Pompeo hopes Sudan recognises Israel 'quickly'
US Secretary of State Mike Pompeo said Wednesday he hoped Sudan will soon recognise Israel as Washington moved to remove the Arab country as a state sponsor of terrorism.
Pompeo said that the United States wanted every nation "to recognise Israel, the rightful Jewish homeland, to acknowledge their fundamental right to exist as a country."
"We are working diligently with them to make the case for why that's in the Sudanese government's best interest to make that sovereign decision," Pompeo told reporters.
"We hope that they'll do that, and we hope that they'll do that quickly."
Trump announced Monday that the United States would remove Sudan from its list of state sponsors of terrorism, a major goal of the year-old civilian-backed government.
Seeing leverage, the Trump administration had asked Sudan to look at normalizing relations with Israel, a close US ally and signature cause for Trump's evangelical Christian base ahead of November 3 elections.
The United Arab Emirates and Bahrain last month announced an agreement at the White House to recognize Israel, a coup for Prime Minister Benjamin Netanyahu.
Sudan was designated a state sponsor of terrorism in 1993 after then dictator Omar al-Bashir welcomed Al-Qaeda founder Osama bin Laden.

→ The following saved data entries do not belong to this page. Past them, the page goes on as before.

Lemma exists_sos_mod0 m d q p : (m <= d)%N -> sos_form (d - m) q -> sos_form d p ->
  coprime_forms 0 q ->
  exists s : {mpoly R[2]}, sos_form m s /\ exists t : {mpoly R[2]}, p - s * q = t * 0.
Proof.
move=> hmd hq hp hcop.
have [a ha] : exists a, q = a%:MP.
  by apply: hcop; [exists 0; rewrite mulr0 | exists 1; rewrite mulr1].
have a0 : a != 0.
  apply/eqP => a0; have [b hb] : exists b, 'X_ord0 = b%:MP :> {mpoly R[2]}.
    by apply: hcop; exists 0; rewrite mulr0 // ha a0.
  have := congr1 (dehomog 0) hb; rewrite dehomogX0 dehomogC => eX.
  by have := size_polyX R; rewrite eX size_polyC; case: (b != 0).
have hdm : d = m.
  have q0 : q != 0 by rewrite ha mpolyC_eq0.
  have q_homog : q \is 0.-homog by rewrite ha mpolyC_homog.
  by have := dhomog_uniq q0 (sos_form_homog hq) q_homog; lia.
exists ((a^-1)%:MP ^+ 2 * (p * q)); split.
  have := sos_formM (sos_form_sqr (mpolyC_homog a^-1)) (sos_formM hp hq).
  by rewrite hdm subnn add0n addn0.
exists 0; rewrite mulr0 ha.
rewrite (_ : _ * _ * _ = p * ((a^-1)%:MP * a%:MP) ^+ 2); last by ring.
by rewrite -mpolyCM mulVf // mpolyC1 expr1n mulr1 subrr.
Qed.

Lemma exists_sos_mod m d g q p : (m <= d)%N -> g \is m.-homog -> g != 0 ->
  sos_form (d - m) q -> sos_form d p -> coprime_forms g q ->
  exists s : {mpoly R[2]}, sos_form m s /\ exists t : {mpoly R[2]}, p - s * q = t * g.
Proof.
move=> hmd hg g0 hq hp hcop.
have [c hG] := exists_size_dehomog hg g0.
have G0 : dehomog c g != 0 by rewrite -size_poly_eq0 hG.
have hq_homog := sos_form_homog hq; have hp_homog := sos_form_homog hp.
have /Bezout_eq1_coprimepP [[u b] /= hub] := coprimep_dehomog hg hq_homog G0 hcop.
have hb : dehomog c g %| b * dehomog c q - 1.
  by rewrite -hub opprD addrCA subrr addr0 dvdpNr dvdp_mull.
have [Z hZ] := dehomog_sos c (sos_formM hp hq); rewrite rmorphM in hZ.
pose w z := homogenize c m ((b * z) %% dehomog c g).
set s := \sum_(z <- Z) w z ^+ 2.
have hs : sos_form m s.
  exists (map w Z); rewrite big_map; split => // _ /mapP [z _ ->].
  exact: homogenize_homog.
have Ds : dehomog c s = \sum_(z <- Z) ((b * z) %% dehomog c g) ^+ 2.
  rewrite rmorph_sum; apply: eq_bigr => z _; rewrite rmorphXn homogenizeK //.
  by rewrite -hG ltnW // ltn_modp.
have := dvdp_sumsq_modp hb hZ; rewrite -Ds -rmorphM -rmorphB => hdvd.
exists s; split => //.
have hpsq : p - s * q \is (2 * d).-homog.
  rewrite rpredB // (_ : (2 * d = 2 * m + 2 * (d - m))%N); last by lia.
  exact: dhomogM (sos_form_homog hs) hq_homog.
exists (homogenize c (2 * d - m) (dehomog c (p - s * q) %/ dehomog c g)).
apply: (dehomog_inj (c := c) hpsq).
  by have := dhomogM (homogenize_homog c (2 * d - m) _) hg; rewrite subnK //; lia.
rewrite rmorphM homogenizeK ?divpK // size_divp // hG /=.
by have := size_dehomog c hpsq; move: (size _) => n; lia.
Qed.
(* Let $G\in\mathcal{G}_3$ be simply connected and suppose every interior edge of $G$ has even degree. Then $G$ can be properly vertex colored with $4$ colors.
   Context: All graphs are finite simple graphs $G=(V,E)$. For a vertex $x$, $S(x)$ is the subgraph induced by the neighbors of $x$. A graph is contractible if it is $K_1$, or, inductively, if there is a vertex $x$ with both $S(x)$ and the subgraph induced by $V\setminus\{x\}$ contractible. $\mathcal{G}_0$: graphs without edges; $\mathcal{S}_0$: those with two vertices; $\mathcal{B}_0$: those with one vertex. For $d\ge1$: $\mathcal{G}_d$ is the class of graphs in which every $S(x)$ lies in $\mathcal{S}_{d-1}\cup\mathcal{B}_{d-1}$; the boundary is the subgraph induced by vertices with $S(x)\in\mathcal{B}_{d-1}$, and the interior must be nonempty; $\mathcal{B}_d$: contractible graphs in $\mathcal{G}_d$ with boundary in $\mathcal{S}_{d-1}$; $\mathcal{S}_d$: non-contractible graphs in $\mathcal{G}_d$ such that removing any single vertex yields a graph in $\mathcal{B}_d$. For $G\in\mathcal{G}_3$ and an edge $e=(a,b)$, the degree of $e$ is the number of vertices of $S(a)\cap S(b)$ (the number of tetrahedra containing $e$); $e$ is interior if $S(a)\cap S(b)$ is a cycle graph. A closed path is a sequence $x_0,x_1,\dots,x_n=x_0$ of vertices with consecutive ones adjacent; two closed paths are homotopic if one can be transformed into the other by finitely many steps of the following types and their inverses: replacing a backtrack $a,b,a$ by $a$ (or $a,a$ by $a$), and replacing $a,b,c$ by $a,c$ when $(a,b,c)$ is a triangle. $G$ is simply connected if it is connected and every closed path is homotopic to a constant path. *)

(* A finite simple graph is a finType T with a symmetric,
   irreflexive relation e. All graphs in the recursive definitions are induced
   subgraphs of (T, e) and are represented by their vertex sets U : {set T}. *)
From mathcomp Require Import all_boot.
From Stdlib Require Import Relations.
Set Implicit Arguments. Unset Strict Implicit. Unset Printing Implicit Defensive.

Section Graphs.
Variables (T : finType) (e : rel T).

Definition nbr (U : {set T}) (x : T) : {set T} := [set y in U | e x y].

Inductive contractible (U : {set T}) : Prop :=
| contr_K1 : #|U| = 1 -> contractible U
| contr_step (x : T) : x \in U -> contractible (nbr U x) ->
    contractible (U :\ x) -> contractible U.

Definition noedge (U : {set T}) : Prop :=
  forall x y, x \in U -> y \in U -> ~~ e x y.

Definition Gstep (SB : ({set T} -> Prop) * ({set T} -> Prop)) (U : {set T}) : Prop :=
  (forall x, x \in U -> SB.1 (nbr U x) \/ SB.2 (nbr U x)) /\
  (exists x, x \in U /\ SB.1 (nbr U x)).

Definition is_boundary (Bp : {set T} -> Prop) (U W : {set T}) : Prop :=
  forall x, x \in W <-> (x \in U /\ Bp (nbr U x)).

(* SB d = (S_d, B_d) *)
Fixpoint SB (d : nat) : ({set T} -> Prop) * ({set T} -> Prop) :=
  match d with
  | 0 => (fun U => noedge U /\ #|U| = 2, fun U => noedge U /\ #|U| = 1)
  | d'.+1 =>
      let p := SB d' in
      let Bd := fun U => contractible U /\ Gstep p U /\
                 exists W, is_boundary p.2 U W /\ p.1 W in
      (fun U => Gstep p U /\ ~ contractible U /\
                 (forall x, x \in U -> Bd (U :\ x)), Bd)
  end.

Definition Gclass (d : nat) (U : {set T}) : Prop :=
  match d with
  | 0 => noedge U
  | d'.+1 => Gstep (SB d') U
  end.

To exit the blacklist, which has severely impeded investment, the cash-strapped nation agreed to pay $335 million to survivors and victims' families from Al-Qaeda twin bombings in 1998 of the US embassies in Kenya and Tanzania.
Pompeo said that the United States had "begun the process" of the delisting. Congress then has 45 days in which it can raise objections.
"We think that there will be enormous bipartisan consensus that that's the right thing to do," Pompeo said.